# TO DO
Pull out every line below containing the word "exact".

# EXTRACTED DATA
Theorem lemma3p3
  (p a : nat) (pr_p : prime p) (a_gt0 : (0 < a)%N)
  (Zp : comNzRingType) (hZp : is_padic_integers Zp p)
  (C : numClosedFieldType)
  (iota : {rmorphism Zp -> C}) (iota_inj : injective iota)
  (n : nat) (B F : 'M[int]_n)
  (* (M1) *)
  (B_sym : B^T = B) (B_unimod : unimodular B) (B_even : even_form B)
  (B_sign : has_signature B 3 19)
  (* (M2) *)
  (HF_form : F^T *m B *m F = ((p ^ a) ^ 2)%N%:R *: B)
  (* (M3) *)
  (HF_ss : diagonalizable (intmx C F))
  (HF_abs : forall z : C, eigenvalue (intmx C F) z -> `|z| = (p ^ a)%N%:R)
  (* (M4): a Zp-basis P of M (x) Zp = Zp^n and a partition of it into
     blocks 0,1,2 of sizes 1,20,1 spanning M^0, M^1, M^2 *)
  (P Q : 'M[Zp]_n) (PQ : P *m Q = 1%:M) (QP : Q *m P = 1%:M)
  (blk : 'I_n -> 'I_3)
  (blk0 : #|[set i | blk i == 0]| = 1%N)
  (blk1 : #|[set i | blk i == 1]| = 20%N)
  (blk2 : #|[set i | blk i == 2%:R]| = 1%N)
  (HF_stab : forall s : 'I_3,
     (forall x, block_span P blk s x ->
        exists y, block_span P blk s y /\ intmx Zp F *m x = ((p ^ a) ^ s)%N%:R *: y)
     /\ (forall y, block_span P blk s y ->
        exists x, block_span P blk s x /\ intmx Zp F *m x = ((p ^ a) ^ s)%N%:R *: y)) :
  let MC := fun s : 'I_3 => block_span (map_mx iota P) blk s in
  (forall s : 'I_3,
     (forall y, MC s y -> MC (rev_ord s) (conj_vec y)) /\
     (forall z, MC (rev_ord s) z -> exists y, MC s y /\ conj_vec y = z))
  /\ Z_hodge_structure_wt2 MC.
Proof.
destruct n as [|n].
  by move: (max_card [set i | blk i == 0]); rewrite blk0 card_ord.
move=> MC.
have PQ' : map_mx iota P *m map_mx iota Q = 1%:M by rewrite -map_mxM PQ map_mx1.
have QP' : map_mx iota Q *m map_mx iota P = 1%:M by rewrite -map_mxM QP map_mx1.
have q_weight s : iota ((p ^ a) ^ s)%N%:R = (p%:R ^+ a) ^+ s :> C by rewrite rmorph_nat !natrX.
have q_neq0 s : iota ((p ^ a) ^ s)%N%:R != 0.
  by rewrite q_weight !expf_neq0 // pnatr_eq0 -lt0n prime_gt0.
have [K [Ki /all_and3[KKi F_K K_stab]]] := block_span_div_operators iota_inj PQ QP q_neq0 HF_stab.
have MC_conj s y : MC s y -> MC (rev_ord s) (conj_vec y).
  apply: (block_span_conj_rev iota_inj (prime_gt0 pr_p) (padic_nat_p_nonunit pr_p hZp)
    a_gt0 PQ' QP' (F := intmx C F) _ _ KKi _ K_stab).
  - by apply/matrixP => i j; rewrite !mxE rmorph_int.
  - by move=> z /HF_abs; rewrite natrX.
  - have mapF : map_mx iota (intmx Zp F) = intmx C F.
      by apply/matrixP => i j; rewrite !mxE rmorph_int.
    by move=> t x /F_K; rewrite mapF q_weight.
have conj_vecK : involutive (@conj_vec C n.+1).
  by move=> y; apply/matrixP => i j; rewrite !mxE conjCK.
split.
  move=> s; split=> [|z /MC_conj]; first exact: MC_conj.
  by rewrite rev_ordK => MCz; exists (conj_vec z); rewrite conj_vecK.
split=> [|y||]; [exact: block_span_subspace | | exact: block_span_direct PQ' QP' | exact: MC_conj].
have [y0 [y1 [y2 decomp]]] := block_span_decomp blk PQ' y.
by exists y0, y1, y2.
Qed.
Lemma excess_ratio_cvg1 (qn : Q^nat) : (forall n, n.+1%:R <= d (qn n) p) ->
  (excess (qn n) * ((tau (d (qn n) p))^-1)%:E)%E @[n --> \oo] --> 1%E.
Proof.
move=> far; have d0 := is_metric_ge0 dm.
have s1 n : 1 <= d (qn n) p by apply: le_trans (far n); rewrite ler1n.
under eq_fun do rewrite excess_div_tau.
have mf n : measurable_fun setT (fun w => (ratio (qn n) w)%:E).
  apply/measurable_EFinP/measurable_funM; last exact: measurable_cst.
  by apply: measurable_funB; exact: measurable_tau_dist.
have cvg_pt : {ae P, forall w, setT w -> (ratio (qn n) w)%:E @[n --> \oo] --> 1%E}.
  apply: aeW => w _; apply: cvg_EFin; first exact: nearW.
  apply: (ratio_cvg1 tauS) => // n.
  by rewrite (is_metric_sym dm (Y w)) is_metric_dist_sub_le.
set k2 := 18 + 54 * dtau (d o p) / dtau 1.
have dom : {ae P, forall w n, setT w ->
    `|(ratio (qn n) w)%:E| <= (54 / dtau 1 * dtau (d (Y w) o) + k2)%:E}%E.
  apply: aeW => w n _ /=; rewrite lee_fin.
  apply: le_trans (ratio_abs_le tauS (d0 _ _) (d0 _ _) (s1 n) _) _.
    exact: is_metric_dist_sub_le.
  have := tauD_dist_add_le (Y w) (lexx 0); rewrite !addr0 => GD.
  have G10 := tauD_gt0 tauS ltr01.
  suff : 18 * dtau (d (Y w) p) / dtau 1 <=
      (54 * dtau (d (Y w) o) + 54 * dtau (d o p)) / dtau 1.
    rewrite /k2 (_ : (54 * _ + _) / _ = 54 / dtau 1 * dtau (d (Y w) o) + 54 * dtau (d o p) / dtau 1).
      by lra.
    by field; lra.
  by rewrite ler_pM2r ?invr_gt0 //; lra.
have mf1 : measurable_fun setT (fun w : Omega => (1 : R)%:E) by exact: measurable_cst.
have [_ _] := dominated_convergence measurableT mf mf1 cvg_pt
  (integrable_affine_tauD_dist_o _ _) dom.
suff -> : (\int[P]_(w in setT) (1 : R)%:E = 1)%E by [].
by rewrite integral_cst // mul1e; exact: probability_setT.
Qed.

Lemma excess_ratio_near1 e : 0 < e -> exists r0 : R, forall q, r0 <= d q o ->
  ((1 - e)%:E <= excess q * ((tau (d q p))^-1)%:E <= (1 + e)%:E)%E.
Proof.
move=> e0; apply: contrapT => /forallNP far_bad.
have bad_at n : exists q, n.+1%:R + d o p <= d q o /\
    ~ ((1 - e)%:E <= excess q * ((tau (d q p))^-1)%:E <= (1 + e)%:E)%E.
  have /existsNP[q /not_implyP bad] := far_bad (n.+1%:R + d o p).
  by exists q.
have [qn qn_bad] := choice bad_at.
have far n : n.+1%:R <= d (qn n) p.
  have [+ _] := qn_bad n; have := is_metric_triangle dm (qn n) p o.
  by rewrite (is_metric_sym dm p o); lra.
have cv := excess_ratio_cvg1 far.
have [n [fin_n close_n]] : exists n,
    (excess (qn n) * ((tau (d (qn n) p))^-1)%:E)%E \is a fin_num /\
    `|1 - fine (excess (qn n) * ((tau (d (qn n) p))^-1)%:E)%E| < e.
  near \oo => n; exists n; split; near: n; first exact: cvg_is_fine cv.
  by move/fine_cvgP: cv => [_ /cvgrPdist_lt /(_ e e0)].
have [_] := qn_bad n; apply; rewrite -(fineK fin_n) !lee_fin.
by move: close_n; rewrite ltr_norml => /andP[? ?]; apply/andP; split; lra.
Unshelve. all: by end_near. Qed.

End ExcessRisk.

# RESPONSE AREA
  move=> s; split=> [|z /MC_conj]; first exact: MC_conj.
split=> [|y||]; [exact: block_span_subspace | | exact: block_span_direct PQ' QP' | exact: MC_conj].
  apply/measurable_EFinP/measurable_funM; last exact: measurable_cst.
  by apply: measurable_funB; exact: measurable_tau_dist.
  apply: aeW => w _; apply: cvg_EFin; first exact: nearW.
    exact: is_metric_dist_sub_le.
have mf1 : measurable_fun setT (fun w : Omega => (1 : R)%:E) by exact: measurable_cst.
by rewrite integral_cst // mul1e; exact: probability_setT.
  near \oo => n; exists n; split; near: n; first exact: cvg_is_fine cv.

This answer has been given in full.